Murat'ın yaptırdığı Edirne Sarayı'nı Osmanlı devletinin "kalbi"
olarak niteledi. Devletin idare edildiği, bürokratların yetiştirildiği, adaletin
tesis edildiği, padişah ve ailesinin yaşam alanı olan bir yer olarak sarayın
çok önemli anlamlar taşıdığını ifade eden Tabakoğlu, şunları söyledi:
"Edirne bir payitaht. Payitahtın simgesi de saraydır. Buradan devlet idare
edilmiş, devlet erkanını yetiştiren bir okul varmış, adalet burada tesis
edilmiş ve padişahın evi varmış. Bütün uluslararası görüşmelerin yapıldığı
önemli bir merkezmiş. 93 Harbi'nden bu yana yanmış, yıkılmış ve yağmalanmış. Bu
bizim içimizi acıtıyor. Üniversitemize düşen görev de Edirne'nin değerlerini
açığa çıkarmaktır. Burayı tekrar gün yüzüne çıkarabilirsek Edirne şu anda bir
ise iki olacaktır. Teşbihte hata olmaz.

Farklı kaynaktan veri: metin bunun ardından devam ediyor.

Theorem mainTheorem11 (d : nat) (kappa l lambda k mu phio : R) (phi : R -> R) :
  (2 <= d)%nat ->
  0 < kappa -> 0 < l -> 0 < lambda ->
  (k = 0 \/ k = 1) ->
  0 < mu -> 0 < phio ->
  (forall u, 0 <= u -> 0 < phi u) ->
  (forall u, 0 <= u ->
     filterlim phi (within (fun x => 0 <= x) (locally u)) (locally (phi u))) ->
  phi 0 = phio ->
  is_lim phi p_infty 0 ->
  (forall u, 0 <= u ->
     RInt (lhs_integrand d kappa l lambda k mu) phio (phi u)
     = - l * RInt (rhs_integrand d k mu) 0 u) ->
  lambda < lambda_crit d kappa l.
Proof.
  intros Hd Hkappa Hl Hlambda Hk01 Hmu Hphio Hphi _ _ _ Hsol.
  destruct (Rlt_or_le lambda (lambda_crit d kappa l)) as [Hlt | Hcrit]; [exact Hlt | exfalso].
  assert (Hk : 0 <= k) by (destruct Hk01; lra).
  apply (no_bounded_uniform_increase (fun u => 0 <= u) (rhs_integral d k mu)
           (rhs_integral d k mu (crit_profile d kappa phio))
           (phio / (l * sqrt (radicand_floor d kappa l mu))) 0).
  - apply rhs_integral_gt0, crit_profile_gt0; assumption.
  - apply Rle_refl.
  - intros u Hu. apply (rhs_integral_bounded d kappa l lambda k mu) with phi; assumption.
  - intros u Hu. apply (rhs_integral_increment d kappa l lambda k mu) with phi; assumption.
Qed.
Lemma delta_interval_exists (d : R) : 0 <= d < 1 ->
  exists k, I k /\ delta P z k <= d < delta P z (S k).
Proof.
  intros Hd. destruct hz as [_ [_ [_ [Hsurj _]]]].
  destruct (finite_sums_lub_approx P 1 (1 - d) (proj2 hP)) as [l [Hl Hmass]]; [lra|].
  destruct (sum_list_reindex_bound P z I (fun i => P (z i)) l) as [N [HN Hsum]].
  - exact enum_down.
  - intros k Hk. exact (Rlt_le _ _ (enum_pos k Hk)).
  - exact Hl.
  - intros x _. destruct (Rle_dec (P x) 0) as [Hx|Hx]; [left; exact Hx|right].
    destruct (Hsurj x) as [k [Hk Hzk]]; [lra|].
    exists k. split; [exact Hk|]. split; [exact Hzk|]. rewrite Hzk. lra.
  - pose proof (delta_segment 0 N) as Hseg. simpl in Hseg.
    fold (partial_sum (fun i => P (z i)) N) in Hseg.
    destruct (delta_crossing d N) as [k [Hk Hkd]]; [simpl; lra|].
    exists k. split; [exact (HN k Hk) | exact Hkd].
Qed.

Lemma delta_interval_unique (k k' : nat) (d : R) :
  delta P z k <= d < delta P z (S k) -> delta P z k' <= d < delta P z (S k') -> k = k'.
Proof.
  intros Hk Hk'. destruct (Nat.lt_total k k') as [Hlt|[Heq|Hgt]]; [|exact Heq|].
  - pose proof (delta_mono (S k) k' Hlt). lra.
  - pose proof (delta_mono (S k') k Hgt). lra.
Qed.

Lemma c_fun_unique (d v v' : R) : c_fun P I z d v -> c_fun P I z d v' -> v = v'.
Proof.
  intros [k [_ [Hk ->]]] [k' [_ [Hk' ->]]].
  rewrite (delta_interval_unique k k' d Hk Hk'). reflexivity.
Qed.

(** The index of the interval containing d (meaningful for 0 <= d < 1). *)
Definition interval_index (d : R) : nat :=
  epsilon (inhabits 0%nat) (fun k => I k /\ delta P z k <= d < delta P z (S k)).

Lemma interval_index_spec (d : R) : 0 <= d < 1 ->
  I (interval_index d) /\
  delta P z (interval_index d) <= d < delta P z (S (interval_index d)).
Proof.
  intros Hd. exact (epsilon_spec (inhabits 0%nat)
    (fun k => I k /\ delta P z k <= d < delta P z (S k)) (delta_interval_exists d Hd)).
Qed.

End Enumeration.

(** * The quantile map *)

Lemma le_from_below (a b q : R) :
  0 <= q -> (forall u, a <= u < b -> u - a <= q) -> b - a <= q.
Proof.
  intros Hq Hu. apply Rnot_lt_le. intros Hlt.
  assert (a + (q + (b - a)) / 2 - a <= q) by (apply Hu; lra). lra.
Qed.
(* Let $A$ be an order complete Banach lattice algebra, let $\Lambda$ be an index set and let $\{p_\lambda\}_{\lambda\in\Lambda}\subseteq BP_l(A)\cap BP_r(A)$ satisfy $p_\alpha p_\beta=\delta_{\alpha\beta}p_\alpha$ for all $\alpha,\beta\in\Lambda$ ($\delta_{\alpha\beta}$ the Kronecker delta). Let $\Gamma\subseteq\Lambda\times\Lambda$ be arbitrary. Then for every $x\in A_+$ the supremum $P_\Gamma(x)=\bigvee_{(\alpha,\beta)\in\Gamma}p_\alpha x p_\beta$ exists in $A$, and the map $P_\Gamma\colon A_+\to A_+$ extends to a unique band projection $P_\Gamma\colon A\to A$.
   Context: A Banach lattice algebra is a real Banach lattice $A$ equipped with an associative bilinear product making $(A,\cdot)$ a Banach algebra ($\|xy\|\le\|x\|\|y\|$) such that $xy\ge 0$ whenever $x,y\ge0$. It is order complete if every nonempty subset bounded above has a supremum. For $a\in A$, $L_a,R_a\colon A\to A$ denote the multiplication operators $L_a(x)=ax$, $R_a(x)=xa$. A band projection on a Banach lattice $X$ is an operator $P\colon X\to X$ with $P^2=P$ and $0\le P\le I_X$ (equivalently, the projection onto a projection band along its disjoint complement). $BP_l(A)=\{a\in A_+: L_a \text{ is a band projection}\}$ and $BP_r(A)=\{a\in A_+: R_a\text{ is a band projection}\}$. *)

From HB Require Import structures.
From mathcomp Require Import all_boot all_order all_algebra.
From mathcomp Require Import all_classical all_reals all_analysis.
Set Implicit Arguments. Unset Strict Implicit. Unset Printing Implicit Defensive.
Import Order.TTheory GRing.Theory Num.Theory.
Import numFieldNormedType.Exports.
Local Open Scope classical_set_scope.
Local Open Scope ring_scope.
Theorem mainTheorem11 (K : fieldType) (p d : nat) (hp : (0 < p)%N)
  (T : 'I_d -> Mfun K p)
  (hrec : forall k, isRec (T k))
  (hind : lin_indep T)
  (rho : 'I_p -> 'I_p -> 'M[K]_d)
  (hrho : forall (s t : 'I_p) (k : 'I_d) l U W,
      shift1 s t (T k) l U W = \sum_(j < d) rho s t j k * T j l U W) :
  (forall k, toeplitz_type (T k)) <->
  ((forall s t s' t' : 'I_p,
      (s : nat)%:Z - (t : nat)%:Z = (s' : nat)%:Z - (t' : nat)%:Z ->
      rho s t = rho s' t') /\
   (forall s t : int,
      1 - (p : nat)%:Z <= s < 0 -> 1 - (p : nat)%:Z <= t < (p : nat)%:Z - 1 ->
      rhoD rho (s + (p : nat)%:Z) *m rhoD rho t = rhoD rho s *m rhoD rho (t + 1))).
Proof.
split=> [T_toep | [rho_diff rho_carry]].
  split; [exact: toeplitz_diff_invariant | exact: toeplitz_rhoD_carry].
exact: toeplitz_of_rhoD_carry.
Qed.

Burası Selimiye Camisi kadar önemli bir
yapı. Burayı değerleriyle, hikayeleriyle beraber ayağa kaldırmamız çok önemli.
Üniversitemiz bu sarayın kazı çalışmalarını aldı. Uzunca bir süredir burada bir
kazı yapılmıyordu. Kültür ve Turizm Bakanımıza bize verdiği destekten dolayı
çok teşekkür ediyorum."
"Tahribatın çok
olduğu bir alanda çalışma yapacağız"
Kazı
Başkanı Trakya Üniversitesi Öğretim Üyesi Doç. Dr. Gülay Apa Kurtişoğlu da uzun
süren kazı çalışmalarına 2015 yılında ara verildiğini anımsattı. Kazı evinin
düzenlenmesi sonrası kazıya başlayacaklarını ifade eden Kurtişoğlu,
"Önceliğimiz kazı evinin oluşturulması. Bu kapsamda Tunca Kampüsü'nde
rektörümüzün katkılarıyla bize tahsis edilen bir bina var. Kazı evimizin
tamamlanmasıyla ekibimiz daha da güçlenecek." dedi.
Kültür
ve Turizm Bakanlığı'nın sarayda yürüttüğü ören yeri projesinin kendilerine kazı
disiplini açısından büyük yarar sağlayacağını aktaran Kurtişoğlu, "Ören
yeri çalışması, bizim işimizi çok kolaylaştıracak. Daha önceki dönemlerde araç
geçişinden tutun, insan geçişine kadar hep açıktı ve tahribata neden oluyordu.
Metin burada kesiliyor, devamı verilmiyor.